The X-ray Multi-Mirror Mission (XMM) was conceived as the X-ray spectroscopy cornerstone mission at an ESA workshop in Lyngby in June 1985, consisting a space observatory with twelve low-energy and seven high-energy telescopes. Due to practical constraints, the mission's payload was reduced to seven telescopes overall by 1987, though the success of EXOSAT inspired mission planners to improve the efficiency of the mission's observations by placing the spacecraft in a highly eccentric orbit, allowing the payload of the spacecraft to be reduced to its final design of three large telescopes – each with a reflecting area of 1,500 cm^{2}. By 1986, the cost of the STSP cornerstone was forecast to exceed its allocated 400 MAU budget, and in a February 1986 meeting, the SPC was presented with the possibility of cancelling the cornerstone in favour of a medium-size mission selection between SOHO, Cluster, and the Kepler Mars orbiter proposal, which had gained popularity among members of the SSAC.

The Space Shuttle Challenger disaster, which occurred the month before, had an effect on proceedings, as SOHO was intended to be launched via the Shuttle. Despite this, the SSWG, SSAC, and SPC reaffirmed a commitment to the STSP cornerstone by descoping SOHO and limiting Cluster to three spacecraft, and reaching a collaboration agreement with NASA in October 1986 that would reduce the mission's cost – they would provide testing, launch services, and operations of SOHO and contribute various scientific instruments, while cancelling their Equator mission in favour of a fourth Cluster spacecraft on which American scientific instruments would be flown. (Note: Equator was a planned mission by NASA to explore Earth's magnetosphere from an equatorial orbit. It was NASA's contribution to a joint mission with the STSP known as the International Solar-Terrestrial Physics (ISTP) programme.)
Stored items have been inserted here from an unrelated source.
(* Let $N\ge3$, $0\le p\le\lfloor N/2\rfloor-1$, $\nu_1,\dots,\nu_{p+1}\in\mathbb C$ and $\mathcal F=\mathcal F^{\mathcal P}_{p\prec0}(\nu_1,\dots,\nu_{p+1})$. Let $\mathfrak s\subset sl(N)$ be the subalgebra spanned by $E_{ij}$ ($i\ne j$) and $E_{ii}-E_{jj}$ with $p+2\le i,j\le N-p-1$ (a copy of $sl(N-2p-2)$). Then every $X\in\mathfrak s$ remains primitive in the twisted Hopf algebra: $\mathcal F\,\Delta(X)\,\mathcal F^{-1}=X\otimes1+1\otimes X$.
   Context: Work over $\mathbb C$ with $U=U(sl(N))$ with primitive generators ($\Delta(x)=x\otimes1+1\otimes x$). $E_{ij}$ are matrix units of $gl(N)$, $I=\sum_sE_{ss}$. $\xi$ is a formal parameter and all computations are in $\xi$-adically completed algebras $U[[\xi]]$, $(U\otimes U)[[\xi]]$. $\sigma_{ij}(c):=\ln(1+\xi cE_{ij})$, $H^{\mathcal P}_k:=E_{kk}-\frac1NI$. For $0\le k\le\lfloor N/2\rfloor-1$, $\mathcal F^{\mathcal P}_k(\nu):=\big(\prod_{s=k+2}^{N-k-1}\exp(\xi\nu E_{k+1,s}\otimes E_{s,N-k})\big)\exp(H^{\mathcal P}_{k+1}\otimes\sigma_{k+1,N-k}(\nu))$, and $\mathcal F^{\mathcal P}_{p\prec0}(\nu_1,\dots,\nu_{p+1}):=\mathcal F^{\mathcal P}_p(\nu_{p+1})\cdots\mathcal F^{\mathcal P}_0(\nu_1)$. *)

From mathcomp Require Import all_boot all_algebra complex.
From mathcomp Require Import reals Rstruct.
Set Implicit Arguments. Unset Strict Implicit. Unset Printing Implicit Defensive.
Import GRing.Theory.
Local Open Scope ring_scope.

Definition C : numClosedFieldType := Rdefinitions.R[i].

(* Matrix unit E_{ij} of gl(N), with 1-based indices i, j in 1..N. *)
Definition Emx (N i j : nat) : 'M[C]_N :=
  \matrix_(a < N, b < N) (((a.+1 == i) && (b.+1 == j))%:R : C).

Definition HP (N k : nat) : 'M[C]_N := Emx N k k - (N%:R^-1 : C)%:M.

Section PS.
Variable B : algType C.

Definition ps := nat -> B.
Definition ps_const (b : B) : ps := fun n => if n == 0%N then b else 0.
Definition ps_one : ps := ps_const 1.
Definition ps_add (f g : ps) : ps := fun n => f n + g n.
Definition ps_sub (f g : ps) : ps := fun n => f n - g n.
Definition ps_mul (f g : ps) : ps :=
  fun n => \sum_(i < n.+1) f i * g (n - i)%N.
Fixpoint ps_pow (f : ps) (k : nat) : ps :=
  if k is k'.+1 then ps_mul f (ps_pow f k') else ps_one.
Definition ps_xi (b : B) : ps := fun n => if n == 1%N then b else 0.
(* exp f = sum_k f^k / k!, for f with zero constant term (then the
   coefficient of xi^n only receives contributions from k <= n). *)
Definition ps_exp (f : ps) : ps :=
  fun n => \sum_(k < n.+1) ((k`!)%:R^-1 : C) *: ps_pow f k n.
Definition ps_log1p (f : ps) : ps :=
  fun n => \sum_(1 <= k < n.+1) (((-1) ^+ k.+1 / k%:R) : C) *: ps_pow f k n.
(* inverse of a series with constant term 1: f^{-1} = sum_k (1 - f)^k. *)
Definition ps_inv (f : ps) : ps :=
  fun n => \sum_(k < n.+1) ps_pow (ps_sub ps_one f) k n.
End PS.

(* Realization of U(gl N) (x) U(gl N): two Lie algebra homomorphisms
   rho1 (X |-> X (x) 1) and rho2 (X |-> 1 (x) X) from gl(N) into an
   associative C-algebra B with commuting images. *)
Definition lie_hom (N : nat) (B : algType C) (rho : {linear 'M[C]_N -> B}) :=
  forall X Y : 'M[C]_N, rho (X *m Y - Y *m X) = rho X * rho Y - rho Y * rho X.

Definition commuting (N : nat) (B : algType C) (rho1 rho2 : 'M[C]_N -> B) :=
  forall X Y : 'M[C]_N, rho1 X * rho2 Y = rho2 Y * rho1 X.

Section Twist.
Variables (N : nat) (B : algType C) (rho1 rho2 : {linear 'M[C]_N -> B}).

Definition sigma2 (i j : nat) (c : C) : ps B :=
  ps_log1p (ps_xi (c *: rho2 (Emx N i j))).

Definition FP (k : nat) (nu : C) : ps B :=
  ps_mul
    (\big[@ps_mul B/ps_one B]_(k.+2 <= s < N - k)
        ps_exp (ps_xi (nu *: (rho1 (Emx N k.+1 s) * rho2 (Emx N s (N - k))))))
    (ps_exp (ps_mul (ps_const (rho1 (HP N k.+1))) (sigma2 k.+1 (N - k) nu))).

(* F^P_{p<0}(nu_1,...,nu_{p+1}) = F^P_p(nu_{p+1}) ... F^P_0(nu_1);
   nu is indexed from 1 (nu 0 is unused). *)
Fixpoint Fprec (p : nat) (nu : nat -> C) : ps B :=
  match p with
  | 0 => FP 0 (nu 1%N)
  | p'.+1 => ps_mul (FP p (nu p.+1)) (Fprec p' nu)
  end.
End Twist.

(* X lies in s = span{E_ij (i<>j), E_ii - E_jj : p+2 <= i,j <= N-p-1}:
   X is supported on that index block and has trace 0. *)
Definition in_s (N p : nat) (X : 'M[C]_N) : Prop :=
  \tr X = 0 /\
  forall a b : 'I_N,
    ~~ [&& p.+2 <= a.+1, a.+1 <= N - p.+1, p.+2 <= b.+1 & b.+1 <= N - p.+1]%N ->
    X a b = 0.

From mathcomp Require Import all_boot all_algebra complex.
From Stdlib Require Import FunctionalExtensionality.
From mathcomp Require Import ring zify.
Set Implicit Arguments. Unset Strict Implicit. Unset Printing Implicit Defensive.
Import GRing.Theory Num.Theory.
Local Open Scope ring_scope.

(* Put d = X (x) 1 + 1 (x) X.  It suffices that d commutes with every
   coefficient of F, for then F d F^-1 = d F F^-1 = d.  The factors of F^P_k
   are exponentials, and d commutes with their exponents: X is supported on
   the index block p+2 .. N-p-1, which avoids k+1 and N-k, so X commutes with
   H^P_(k+1) and E_(k+1,N-k).  A single term E_(k+1,s) (x) E_(s,N-k) does not
   commute with d, but its commutator is
   E_(k+1,s) X (x) E_(s,N-k) - E_(k+1,s) (x) X E_(s,N-k); the terms with s
   outside k+2 .. N-k-1 vanish, so the sum over s may run over all s, and then
   the two halves cancel.  These terms commute pairwise, so the product of
   their exponentials is the exponential of their sum. *)
Lemma commrZ (B : algType C) (x y : B) (c : C) :
  GRing.comm x y -> GRing.comm x (c *: y).
Proof. by move=> cxy; rewrite /GRing.comm -scalerAl -scalerAr cxy. Qed.

Section PowerSeries.
Variable B : algType C.
Implicit Types (f g h : ps B) (a b d : B).

Lemma ps_mul_coef0 f g : ps_mul f g 0 = f 0 * g 0.
Proof. by rewrite /ps_mul big_ord1. Qed.

Lemma ps_mul_constl a h n : ps_mul (ps_const a) h n = a * h n.
Proof.
rewrite /ps_mul big_ord_recl subn0 big1 ?addr0 // => i _.
by rewrite /ps_const mul0r.
Qed.

Lemma ps_mul_constr f a n : ps_mul f (ps_const a) n = f n * a.
Proof.
rewrite /ps_mul big_ord_recr /= subnn big1 ?add0r // => i _.
by rewrite /ps_const subn_eq0 leqNgt ltn_ord mulr0.
Qed.

Lemma ps_mul1l h n : ps_mul (ps_one B) h n = h n.
Proof. by rewrite ps_mul_constl mul1r. Qed.

Lemma ps_mulBl f g h n : ps_mul (ps_sub f g) h n = ps_mul f h n - ps_mul g h n.
Proof. by rewrite /ps_mul -sumrB; apply: eq_bigr => i _; rewrite mulrBl. Qed.

Lemma ps_pow_coef_small g k n : g 0 = 0 -> (n < k)%N -> ps_pow g k n = 0.
Proof.
move=> g0; elim: k n => [|k IHk] n //= ltnk.
rewrite /ps_mul big1 // => -[[|i] ltin] _ /=; first by rewrite g0 mul0r.
by rewrite IHk ?mulr0 //; lia.
Qed.

Lemma ps_exp_coef0 f : ps_exp f 0 = 1.
Proof. by rewrite /ps_exp big_ord1 /= /ps_const fact0 invr1 scale1r. Qed.

(* [ps_inv f] is the geometric series in [1 - f]; multiplying by [f] telescopes it. *)
Lemma ps_mulV f n : f 0 = 1 -> ps_mul f (ps_inv f) n = ps_one B n.
Proof.
move=> f0; set g := ps_sub (ps_one B) f.
have g0 : g 0 = 0 by rewrite /g /ps_sub /ps_const f0 subrr.
have fE : f = ps_sub (ps_one B) g.
  by apply: functional_extensionality => i; rewrite /g /ps_sub opprB addrC subrK.
have inv_widen m : (m <= n)%N ->
    ps_inv f m = \sum_(k < n.+1) ps_pow g k m.
  move=> lemn; rewrite /ps_inv (big_ord_widen n.+1 (fun k => ps_pow g k m)) //.
  rewrite big_mkcond /=; apply: eq_bigr => k _.
  by case: ltnP => // ltmk; rewrite ps_pow_coef_small.
transitivity (\sum_(k < n.+1) ps_mul f (ps_pow g k) n).
  rewrite /ps_mul exchange_big /=; apply: eq_bigr => i _.
  by rewrite inv_widen ?leq_subr // mulr_sumr.
rewrite (eq_bigr (fun k : 'I_n.+1 => ps_pow g k n - ps_pow g k.+1 n)); last first.
  by move=> k _; rewrite {1}fE ps_mulBl ps_mul1l.
rewrite sumrB big_ord_recl [X in _ - X]big_ord_recr.
by rewrite (@ps_pow_coef_small g n.+1 n) //= addr0 addrK.
Qed.

Definition ps_exp_xi a : ps B := fun n => ((n`!)%:R^-1 : C) *: a ^+ n.

Lemma ps_pow_xi a k n : ps_pow (ps_xi a) k n = if k == n then a ^+ k else 0.
Proof.
elim: k n => [|k IHk] [|n] //=; rewrite /ps_mul.
- by rewrite big_ord1 /ps_xi mul0r.
- rewrite big_ord_recl /ps_xi mul0r add0r big_ord_recl subSS subn0 IHk /=.
  rewrite big1 ?addr0 => [|i _]; last by rewrite mul0r.
  by rewrite eqSS; case: eqP; rewrite ?exprS ?mulr0.
Qed.

Lemma ps_exp_xiE a : ps_exp (ps_xi a) = ps_exp_xi a.
Proof.
apply: functional_extensionality => n.
rewrite /ps_exp big_ord_recr /= ps_pow_xi eqxx big1 ?add0r // => i _.
by rewrite ps_pow_xi (ltn_eqF (ltn_ord i)) scaler0.
Qed.

Lemma ps_exp_xi0 : ps_exp_xi 0 = ps_one B.
Proof.
apply: functional_extensionality => -[|n]; rewrite /ps_exp_xi /ps_const /=.
  by rewrite fact0 invr1 scale1r.
by rewrite expr0n scaler0.
Qed.

Lemma ps_exp_xiD a b :
  GRing.comm a b -> ps_mul (ps_exp_xi a) (ps_exp_xi b) = ps_exp_xi (a + b).
Proof.
move=> cab; apply: functional_extensionality => n.
rewrite /ps_mul /ps_exp_xi addrC (exprDn_comm n (commr_sym cab)) scaler_sumr.
apply: eq_bigr => -[i /= ltin] _.
rewrite -scalerAl -scalerAr scalerA (commrX _ (commr_sym (commrX _ cab))).
rewrite -[_ *+ 'C(n, i)]scaler_nat scalerA; congr (_ *: _).
have lein : (i <= n)%N by [].
have := congr1 (fun m => m%:R : C) (bin_fact lein); rewrite !natrM => binE.
have fact_neq0 m : (m`!%:R : C) != 0 by rewrite pnatr_eq0 -lt0n fact_gt0.
have bin_neq0 : ('C(n, i)%:R : C) != 0 by rewrite pnatr_eq0 -lt0n bin_gt0.
rewrite -[(n`!)%:R]binE; field.
by rewrite bin_neq0 !fact_neq0.
Qed.

Lemma big_ps_exp_xi (r : seq nat) (a : nat -> B) :
  {in r &, forall s t, GRing.comm (a s) (a t)} ->
  \big[@ps_mul B/ps_one B]_(s <- r) ps_exp_xi (a s) = ps_exp_xi (\sum_(s <- r) a s).
Proof.
elim: r => [|s r IHr] comm_a; first by rewrite !big_nil ps_exp_xi0.
rewrite !big_cons IHr => [|t u rt ru]; last by apply: comm_a; rewrite inE ?rt ?ru orbT.
apply: ps_exp_xiD; rewrite big_seq; apply: commr_sum => t rt.
by apply: comm_a; rewrite inE ?eqxx ?rt ?orbT.
Qed.

Definition ps_commr d f := forall n, GRing.comm d (f n).

Lemma ps_commr_const d a : GRing.comm d a -> ps_commr d (ps_const a).
Proof. by move=> cda [|n]; rewrite /ps_const //; apply: commr0. Qed.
The first medium-class mission was selected from proposals formulated by ESA in 1982, prior to Horizon 2000. A Titan Probe that would piggyback on the American Cassini spacecraft was proposed by a group of American and European scientists, and was selected alongside the American-European LYMAN ultraviolet and QUASAT very-long-baseline interferometry observatories as finalists. The European-Soviet Vesta multiple-flyby minor planet mission and GRASP gamma-ray observatory competed, but were rejected by the AWG and SSWG. After budget cuts resulting from the Challenger disaster forced NASA to retract its support for LYMAN and QUASAT, the Titan Probe was selected by the SPC in November 1988, and renamed Huygens in honor of Christiaan Huygens, who discovered Titan in 1655, per the suggestion of Swiss astronomers at the meeting. In the competition for the second medium-class mission in June 1989, a consortium of American and European institutions proposed INTEGRAL, a gamma-ray observatory that combined GRASP with the American Nuclear Astrophysics Explorer (NAE), which had lost selection for NASA's Explorers Programme that year. NASA supported the proposal, and the Russian Academy of Sciences later offered launch aboard a Proton launch vehicle in exchange for observation time on the mission. Despite concerns about NASA's commitment to the mission and their funding sources, INTEGRAL was selected by the SPC in June 1993, with NASA contributing Deep Space Network services and a spectrometer. In response, INTEGRAL was selected by NASA as an Explorers mission without competition. This, along with concerns about the sensitivity of the spectrometer designed for the mission, proved controversial among NASA's advisory bodies. In September 1994, ESA and NASA resolved to end NASA's involvement with the spectrometer, citing a lack of financial support. CNES promptly assumed the financial burden, and led the design and manufacturing of a new spectrometer.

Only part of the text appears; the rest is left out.